Он вытолкнул фон Чиршница.

Потом уложил в свёрток сюртук молодого человека, завязал и, выбежав через ресторан на улицу, отправился на почту. Здесь экспедиция была уже заперта. Зоннтаг стучал во все двери, заходил в бюро и, показывая на свои часы, говорил, что опоздал всего на несколько минут и просил принять его свёрток.
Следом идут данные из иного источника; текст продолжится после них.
(* Let $\mathcal{N}\subseteq\mathcal{M}$ be unital $C^*$-algebras with a common unit, and let $p_1,\ldots,p_n\in\mathcal{N}$ be mutually orthogonal projections with $p_1+\cdots+p_n=1$. Let $b\in\mathcal{M}$ and suppose that for each $k$ there exist $x_k\in p_k\mathcal{N}p_k$ and $y_k\in p_k\mathcal{M}p_k$ with $p_kbp_k=x_ky_k-y_kx_k$. Then there exist $d\in\mathcal{N}$ and $z\in\mathcal{M}$ with $b=dz-zd$. *)

From mathcomp Require Import all_boot all_algebra.
From mathcomp Require Import complex reals.
Set Implicit Arguments. Unset Strict Implicit. Unset Printing Implicit Defensive.
Import GRing.Theory Num.Theory.
Local Open Scope ring_scope.
Local Open Scope complex_scope.

Definition nconverges (R : realType) (A : lmodType R[i]) (nrm : A -> R)
    (u : nat -> A) (l : A) : Prop :=
  forall e : R, 0 < e -> exists N : nat, forall n : nat, (N <= n)%N -> nrm (u n - l) < e.

Definition ncauchy (R : realType) (A : lmodType R[i]) (nrm : A -> R)
    (u : nat -> A) : Prop :=
  forall e : R, 0 < e -> exists N : nat, forall m n : nat,
    (N <= m)%N -> (N <= n)%N -> nrm (u m - u n) < e.

Definition is_Cstar_algebra (R : realType) (A : algType R[i])
    (star : A -> A) (nrm : A -> R) : Prop :=
  (forall x, star (star x) = x) /\
  (forall x y, star (x + y) = star x + star y) /\
  (forall (c : R[i]) x, star (c *: x) = c^* *: star x) /\
  (forall x y, star (x * y) = star y * star x) /\
  (forall x, 0 <= nrm x) /\ (forall x, nrm x = 0 -> x = 0) /\
  (forall x y, nrm (x + y) <= nrm x + nrm y) /\
  (forall (c : R[i]) x, (nrm (c *: x))%:C = `|c| * (nrm x)%:C) /\
  (forall x y, nrm (x * y) <= nrm x * nrm y) /\
  (forall x, nrm (star x * x) = nrm x ^+ 2) /\
  (forall u : nat -> A, ncauchy nrm u -> exists l, nconverges nrm u l).

Definition is_unital_Cstar_subalgebra (R : realType) (A : algType R[i])
    (star : A -> A) (nrm : A -> R) (N : A -> Prop) : Prop :=
  N 1 /\
  (forall x y, N x -> N y -> N (x + y)) /\
  (forall (c : R[i]) x, N x -> N (c *: x)) /\
  (forall x y, N x -> N y -> N (x * y)) /\
  (forall x, N x -> N (star x)) /\
  (forall (u : nat -> A) l, (forall n, N (u n)) -> nconverges nrm u l -> N l).

Definition is_projection (R : realType) (A : algType R[i]) (star : A -> A)
    (p : A) : Prop := star p = p /\ p * p = p.

(* Put d := sum_k (x_k + lam_k p_k),
   which lies in N, with real weights lam_k spaced further apart than
   4 max_k ||x_k||. The diagonal blocks of b are [d, y_k], since the scalar part
   of d commutes with y_k. For j <> k, d acts on the corner p_j M p_k by
   w |-> (lam_j - lam_k) w + x_j w - w x_k, a perturbation of a large multiple
   of the identity; a Neumann-series (contraction) argument inverts it, so the
   block p_j b p_k equals [d, W_jk] for some W_jk in that corner.
   Summing over all blocks gives b = [d, sum_k y_k + sum_(j <> k) W_jk]. *)

From mathcomp Require Import all_boot all_algebra order.
From mathcomp Require Import complex reals lra.
From Stdlib Require Import ClassicalEpsilon.
Import Order.TTheory GRing.Theory Num.Theory.
Set Implicit Arguments. Unset Strict Implicit. Unset Printing Implicit Defensive.
Local Open Scope ring_scope.
Local Open Scope complex_scope.

Definition corner (M : pzRingType) (p r w : M) : Prop := p * w = w /\ w * r = w.

Lemma corner_mul (M : pzRingType) (p r u : M) :
  p * p = p -> r * r = r -> corner p r (p * u * r).
Proof. by move=> pp rr; split; [rewrite !mulrA pp | rewrite -!mulrA rr]. Qed.

Lemma commutator_sumr (M : pzRingType) (d : M) (I : finType) (P : pred I) (F : I -> M) :
  d * (\sum_(i | P i) F i) - (\sum_(i | P i) F i) * d = \sum_(i | P i) (d * F i - F i * d).
Proof. by rewrite mulr_sumr mulr_suml -sumrB. Qed.

Section OrthogonalDecomposition.
Variables (K : pzRingType) (M : algType K) (n : nat) (p : 'I_n -> M).
Hypotheses (p_idem : forall k, p k * p k = p k)
  (p_orth : forall j k, j != k -> p j * p k = 0) (p_sum : \sum_k p k = 1).

Lemma mulr_sum_orthl (F : 'I_n -> M) j w :
  (forall i, F i * p i = F i) -> p j * w = w -> (\sum_i F i) * w = F j * w.
Proof.
move=> Fp pw; rewrite mulr_suml (bigD1 j) //= big1 ?addr0 // => i ij.
by rewrite -(Fp i) -pw mulrA -[F i * p i * p j]mulrA p_orth // mulr0 mul0r.
Qed.

Lemma mulr_sum_orthr (F : 'I_n -> M) k w :
  (forall i, p i * F i = F i) -> w * p k = w -> w * (\sum_i F i) = w * F k.
Proof.
move=> pF wp; rewrite mulr_sumr (bigD1 k) //= big1 ?addr0 // => i ik.
by rewrite -(pF i) -wp -mulrA [p k * (p i * F i)]mulrA p_orth 1?eq_sym // mul0r mulr0.
Qed.

Lemma block_decomposition (b : M) :
  b = \sum_j p j * b * p j + \sum_j \sum_(k | k != j) p j * b * p k.
Proof.
rewrite -big_split /= -{1}[b]mul1r -{1}[b]mulr1 -p_sum mulr_suml.
apply: eq_bigr => j _; rewrite mulr_sumr (bigD1 j) //= mulrDr mulr_sumr mulrA.
by congr (_ + _); apply: eq_bigr => k _; rewrite mulrA.
Qed.

Lemma commutator_from_blocks (b : M) (c : 'I_n -> K) (x y : 'I_n -> M)
    (W : 'I_n -> 'I_n -> M) :
  (forall k, corner (p k) (p k) (x k)) -> (forall k, corner (p k) (p k) (y k)) ->
  (forall j k, j != k -> corner (p j) (p k) (W j k)) ->
  (forall k, p k * b * p k = x k * y k - y k * x k) ->
  (forall j k, j != k ->
     (c j - c k) *: W j k + x j * W j k - W j k * x k = p j * b * p k) ->
  let d := \sum_k (x k + c k *: p k) in
  let z := \sum_k y k + \sum_j \sum_(k | k != j) W j k in
  b = d * z - z * d.
Proof.
move=> x_cor y_cor W_cor b_diag b_off d z.
pose e k := x k + c k *: p k.
have e_r k : e k * p k = e k.
  by rewrite mulrDl -scalerAl p_idem (proj2 (x_cor k)).
have e_l k : p k * e k = e k.
  by rewrite mulrDr -scalerAr p_idem (proj1 (x_cor k)).
have d_l j w : p j * w = w -> d * w = e j * w by apply: mulr_sum_orthl.
have d_r k w : w * p k = w -> w * d = w * e k by apply: mulr_sum_orthr.
have comm_y k : d * y k - y k * d = p k * b * p k.
  have [yl yr] := y_cor k.
  rewrite (d_l k) // (d_r k) // mulrDl mulrDr -scalerAl -scalerAr yl yr b_diag.
  by rewrite opprD addrACA subrr addr0.
have comm_W j k : j != k -> d * W j k - W j k * d = p j * b * p k.
  move=> jk; have [Wl Wr] := W_cor j k jk.
  rewrite (d_l j) // (d_r k) // mulrDl mulrDr -scalerAl -scalerAr Wl Wr -b_off // scalerBl.
  by rewrite opprD addrACA addrC addrA.
rewrite {1}(block_decomposition b) /z mulrDr mulrDl opprD addrACA !commutator_sumr.
congr (_ + _); first by apply: eq_bigr => k _; rewrite comm_y.
apply: eq_bigr => j _; rewrite commutator_sumr.
by apply: eq_bigr => k kj; rewrite comm_W // eq_sym.
Qed.

End OrthogonalDecomposition.

Lemma expr_mulSn_le1 (R : realFieldType) (q : R) (N : nat) :
  0 <= q -> q <= 2^-1 -> q ^+ N * N.+1%:R <= 1.
Proof.
move=> q_ge0 q_le; elim: N => [|N IH]; first by rewrite expr0 mul1r.
have qN_ge0 : 0 <= q ^+ N by apply: exprn_ge0.
have N_ge0 : (0 : R) <= N%:R by apply: ler0n.
rewrite exprS -mulrA -[N.+2]addn1 natrD.
rewrite -[N.+1]addn1 natrD in IH *.
nra.
Qed.

Lemma dist_nat_scale_ge (R : realDomainType) (K : R) (j k : nat) :
  0 <= K -> j != k -> K <= `|j%:R * K - k%:R * K|.
Proof.
move=> K_ge0 jk; rewrite -mulrBl normrM (ger0_norm K_ge0) -[leLHS]mul1r.
apply: ler_wpM2r => //; rewrite ler_normr.
case: (ltngtP j k) jk => [jk | kj | ->]; rewrite ?eqxx // => _; apply/orP.
- by right; rewrite opprB lerBrDr addrC natr1 ler_nat.
- by left; rewrite lerBrDr addrC natr1 ler_nat.
Qed.

Section BanachAlgebra.
Variables (R : realType) (M : algType R[i]) (nrm : M -> R).
Hypotheses (nrm_ge0 : forall x, 0 <= nrm x)
  (nrm_eq0 : forall x, nrm x = 0 -> x = 0)
  (nrm_triangle : forall x y, nrm (x + y) <= nrm x + nrm y)
  (nrmZ : forall (c : R[i]) x, (nrm (c *: x))%:C = `|c| * (nrm x)%:C)
  (nrm_submul : forall x y, nrm (x * y) <= nrm x * nrm y)
  (nrm_complete : forall u, ncauchy nrm u -> exists l, nconverges nrm u l).

Lemma nrmZ_real (r : R) (x : M) : nrm (r%:C *: x) = `|r| * nrm x.
Proof.
have := nrmZ r%:C x.
by rewrite normc_def /= expr0n addr0 sqrtr_sqr -rmorphM => /complexI.
Qed.

Lemma nrm0 : nrm 0 = 0.
Proof. by have := nrmZ_real 0 0; rewrite scaler0 normr0 mul0r. Qed.

Lemma nrmN (x : M) : nrm (- x) = nrm x.
Proof. by have := nrmZ_real (-1) x; rewrite normrN normr1 mul1r rmorphN1 scaleN1r. Qed.

Lemma nrm_small_eq0 (w : M) : (forall e : R, 0 < e -> nrm w < e) -> w = 0.
Proof.
move=> small; apply: nrm_eq0; have := nrm_ge0 w.
by rewrite le_eqVlt => /orP[/eqP <- // | /small]; rewrite ltxx.
Qed.

Lemma ncauchy_geometric (u : nat -> M) (q C : R) :
  0 <= q -> q <= 2^-1 -> 0 <= C ->
  (forall m, nrm (u m.+1 - u m) <= q ^+ m * C) -> ncauchy nrm u.
Proof.
move=> q_ge0 q_le C_ge0 step.
have tail n k : nrm (u (n + k)%N - u n) <= 2 * C * (q ^+ n - q ^+ (n + k)%N).
  elim: k => [|k IH]; first by rewrite addn0 !subrr nrm0 mulr0.
  rewrite addnS -(subrK (u (n + k)%N) (u _)) -addrA.
  apply: le_trans (nrm_triangle _ _) _.
  apply: le_trans (lerD (step _) IH) _.
  have : 0 <= (C * q ^+ (n + k)%N) * (1 - 2 * q).
    by apply: mulr_ge0; [apply: mulr_ge0 => //; apply: exprn_ge0 | lra].
  rewrite exprS; nra.
have tail_le n m : (n <= m)%N -> nrm (u m - u n) <= 2 * C * q ^+ n.
  move=> /subnKC <-; apply: le_trans (tail _ _) _.
  have : 0 <= q ^+ (n + (m - n))%N by apply: exprn_ge0.
  nra.
move=> eps eps_gt0; pose N := Num.Def.trunc (2 * C / eps).
have qN_lt : 2 * C * q ^+ N < eps.
  have N_gt : 2 * C < eps * N.+1%:R.
    by rewrite [eps * _]mulrC -ltr_pdivrMr //; apply: truncnS_gt.
  have := expr_mulSn_le1 N q_ge0 q_le.
  have : 0 <= q ^+ N by apply: exprn_ge0.
  have : (0 : R) < N.+1%:R by rewrite ltr0n.
  nra.
have qk_le k : (N <= k)%N -> 2 * C * q ^+ k <= 2 * C * q ^+ N.
  by move=> Nk; apply: ler_wpM2l; [lra | apply: ler_wiXn2l => //; lra].
exists N => m n Nm Nn; case: (leqP n m) => [nm | /ltnW mn].
- exact: le_lt_trans (tail_le _ _ nm) (le_lt_trans (qk_le _ Nn) qN_lt).
- rewrite -nrmN opprB.
  exact: le_lt_trans (tail_le _ _ mn) (le_lt_trans (qk_le _ Nm) qN_lt).
Qed.

Lemma contraction_fixpoint (S : M -> M) (q : R) (c : M) :
  0 <= q -> q <= 2^-1 ->
  (forall x y, S (x - y) = S x - S y) -> (forall x, nrm (S x) <= q * nrm x) ->
  exists z, z = c + S z.
Proof.
move=> q_ge0 q_le SB S_le.
have S0 : S 0 = 0 by have := SB 0 0; rewrite !subrr.
pose u := fix u m := if m is m'.+1 then c + S (u m') else 0.
have uS m : u m.+1 = c + S (u m) by [].
have step m : nrm (u m.+1 - u m) <= q ^+ m * nrm c.
  elim: m => [|m IH]; first by rewrite uS /= S0 addr0 subr0 expr0 mul1r.
  rewrite !uS opprD addrACA subrr add0r -SB.
  by apply: le_trans (S_le _) _; rewrite exprS -mulrA ler_wpM2l.
have [z u_cvg] := nrm_complete (ncauchy_geometric q_ge0 q_le (nrm_ge0 c) step).
exists z; apply/eqP; rewrite -subr_eq0; apply/eqP; apply: nrm_small_eq0 => e e_gt0.
have [N uN] := u_cvg (e / 2) ltac:(by rewrite divr_gt0).
have -> : z - (c + S z) = - (u N.+1 - z) + S (u N - z).
  by rewrite SB uS opprB !opprD !addrA subrK.
apply: le_lt_trans (nrm_triangle _ _) _; rewrite nrmN.
have := uN N.+1 (leqnSn _); have := uN N (leqnn _).
have := S_le (u N - z); have := nrm_ge0 (u N - z).
nra.
Qed.

Lemma sylvester_solvable (a e c : M) (mu : R) :
  mu != 0 -> 2 * (nrm a + nrm e) <= `|mu| ->
  exists z, mu%:C *: z + a * z - z * e = c.
Proof.
move=> mu_neq0 mu_ge.
have mu_gt0 : 0 < `|mu| by rewrite normr_gt0.
pose S x := (- mu^-1)%:C *: (a * x - x * e).
pose q := (nrm a + nrm e) / `|mu|.
have q_ge0 : 0 <= q by rewrite divr_ge0 // addr_ge0.
have q_le : q <= 2^-1 by rewrite ler_pdivrMr //; lra.
have SB x y : S (x - y) = S x - S y.
  rewrite /S -scalerBr mulrBr mulrBl; congr (_ *: _).
  rewrite -!addrA; congr (_ + _).
  by rewrite !opprB addrCA [RHS]addrCA [- (a * y) + _]addrC.
have S_le x : nrm (S x) <= q * nrm x.
  rewrite nrmZ_real normrN normfV.
  have : nrm (a * x - x * e) <= (nrm a + nrm e) * nrm x.
    apply: le_trans (nrm_triangle _ _) _; rewrite nrmN mulrDl.
    by apply: lerD; [|rewrite mulrC]; apply: nrm_submul.
  move=> le_xe; rewrite /q mulrAC [_ * _ / _]mulrC.
  by apply: ler_wpM2l le_xe; rewrite invr_ge0.
have [z z_fix] := contraction_fixpoint (mu^-1%:C *: c) q_ge0 q_le SB S_le.
exists z; rewrite -addrA {1}z_fix scalerDr /S !scalerA -!rmorphM mulrN mulfV //.
by rewrite rmorph1 rmorphN1 scale1r scaleN1r subrK.
Qed.

Lemma corner_sylvester (p r a e c : M) (mu : R) :
  p * p = p -> r * r = r -> corner p p a -> corner r r e ->
  mu != 0 -> 2 * (nrm a + nrm e) <= `|mu| ->
  exists w, corner p r w /\ mu%:C *: w + a * w - w * e = p * c * r.
Proof.
move=> pp rr [pa ap] [re er] mu_neq0 mu_ge.
have [w0 w0_eq] := sylvester_solvable c mu_neq0 mu_ge.
exists (p * w0 * r); split; first exact: corner_mul.
rewrite -w0_eq mulrBr mulrDr mulrBl mulrDl -scalerAr -scalerAl.
congr (_ + _ - _); first by rewrite !mulrA pa ap.
by rewrite -!mulrA re er.
Qed.

Lemma offdiag_sylvester_solutions n (p x : 'I_n -> M) (b : M) :
  (forall k, p k * p k = p k) -> (forall k, corner (p k) (p k) (x k)) ->
  exists (c : 'I_n -> R[i]) (W : 'I_n -> 'I_n -> M), forall j k, j != k ->
    corner (p j) (p k) (W j k) /\
    (c j - c k) *: W j k + x j * W j k - W j k * x k = p j * b * p k.
Proof.
move=> pp x_cor; pose S := \sum_k nrm (x k).
have S_ge0 : 0 <= S by apply: sumr_ge0.
have x_le j : nrm (x j) <= S by rewrite /S (bigD1 j) //= lerDl; apply: sumr_ge0.
pose K := 1 + 4 * S; pose lam (k : 'I_n) := k%:R * K.
have /ClassicalEpsilon.choice [W W_spec] : forall jk : 'I_n * 'I_n, exists w,
    jk.1 != jk.2 -> corner (p jk.1) (p jk.2) w /\
      (lam jk.1 - lam jk.2)%:C *: w + x jk.1 * w - w * x jk.2 = p jk.1 * b * p jk.2.
  case=> j k /=; case: (eqVneq j k) => [_ | jk]; first by exists 0.
  have K_le : K <= `|lam j - lam k| by apply: dist_nat_scale_ge jk; rewrite /K; lra.
  have lam_neq : lam j - lam k != 0.
    by rewrite -normr_gt0; apply: lt_le_trans K_le; rewrite /K; lra.
  have x_small : 2 * (nrm (x j) + nrm (x k)) <= `|lam j - lam k|.
    by apply: le_trans K_le; have := x_le j; have := x_le k; rewrite /K; lra.
  have [w w_spec] := corner_sylvester b (pp j) (pp k) (x_cor j) (x_cor k) lam_neq x_small.
  by exists w.
exists (fun k => (lam k)%:C), (fun j k => W (j, k)) => j k jk.
by rewrite /= -rmorphB; exact: (W_spec (j, k)).
Qed.

End BanachAlgebra.

Unset Implicit Arguments.

Theorem lemma3p15 (R : realType) (M : algType R[i]) (star : M -> M)
  (nrm : M -> R) (N : M -> Prop)
  (hM : is_Cstar_algebra star nrm)
  (hN : is_unital_Cstar_subalgebra star nrm N)
  (n : nat) (p : 'I_n -> M)
  (hpN : forall k, N (p k))
  (hproj : forall k, is_projection star (p k))
  (horth : forall j k, j != k -> p j * p k = 0)
  (hsum : \sum_(k < n) p k = 1)
  (b : M)
  (hb : forall k, exists x y : M,
      (exists u, N u /\ x = p k * u * p k) /\
      (exists v, y = p k * v * p k) /\
      p k * b * p k = x * y - y * x) :
  exists d z : M, N d /\ b = d * z - z * d.
Proof.
case: hM => _ [_ [_ [_ [nrm_ge0 [nrm_eq0 [nrm_tri [nrmZ [nrm_mul [_ nrm_cpl]]]]]]]]].
case: hN => N1 [N_add [N_scale [N_mul _]]].
have pp k : p k * p k = p k by case: (hproj k).
have [x hx] := ClassicalEpsilon.choice _ hb.
have [y hxy] := ClassicalEpsilon.choice _ hx.
have x_N k : N (x k).
  have [[u [Nu ->]] _] := hxy k.
  by apply: (N_mul); [apply: (N_mul)|]; rewrite ?hpN.
have x_cor k : corner (p k) (p k) (x k).
  by have [[u [_ ->]] _] := hxy k; apply: corner_mul.
have y_cor k : corner (p k) (p k) (y k).
  by have [_ [[v ->] _]] := hxy k; apply: corner_mul.
have b_diag k : p k * b * p k = x k * y k - y k * x k by have [_ [_ ->]] := hxy k.
have [c [W W_spec]] := offdiag_sylvester_solutions nrm_ge0 nrm_eq0 nrm_tri nrmZ
  nrm_mul nrm_cpl b pp x_cor.
exists (\sum_k (x k + c k *: p k)),
  (\sum_k y k + \sum_j \sum_(k | k != j) W j k); split.
  apply: big_ind => // [|k _]; last by apply: N_add => //; apply: N_scale.
  by rewrite -(scale0r (1 : M)); apply: N_scale.
by apply: commutator_from_blocks => // j k jk; case: (W_spec j k jk).
Qed.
Когда же ему отказали в этом везде, он наконец ушёл, обменявшись не совсем ласковыми репликами с почтовыми служащими, которые объявили, что при дальнейшем упорстве они прогонят его.

Он запасся возможно большим числом свидетелей своего пребывания в почтовом здании.

Между тем фон Чиршниц, медленными и спокойными шагами достиг конца Банхофсштрассе.

На углу большой гостиницы «Королевский отель», напротив памятника королю Эрнесту-Августу на Вокзальной площади, стоял, прислонясь к стене, носильщик в синей блузе с жестяным номером на фуражке.

– Дружок, – сказал фон Чиршниц, ловко подражая народному языку, – не можете ли показать мне дорогу к Георгс-Мариенштадту?

– Георгс-Мариенштадт в моём квартале, – отвечал работник, медленно поднимаясь, – я провожу вас, сегодня мне больше нечего делать.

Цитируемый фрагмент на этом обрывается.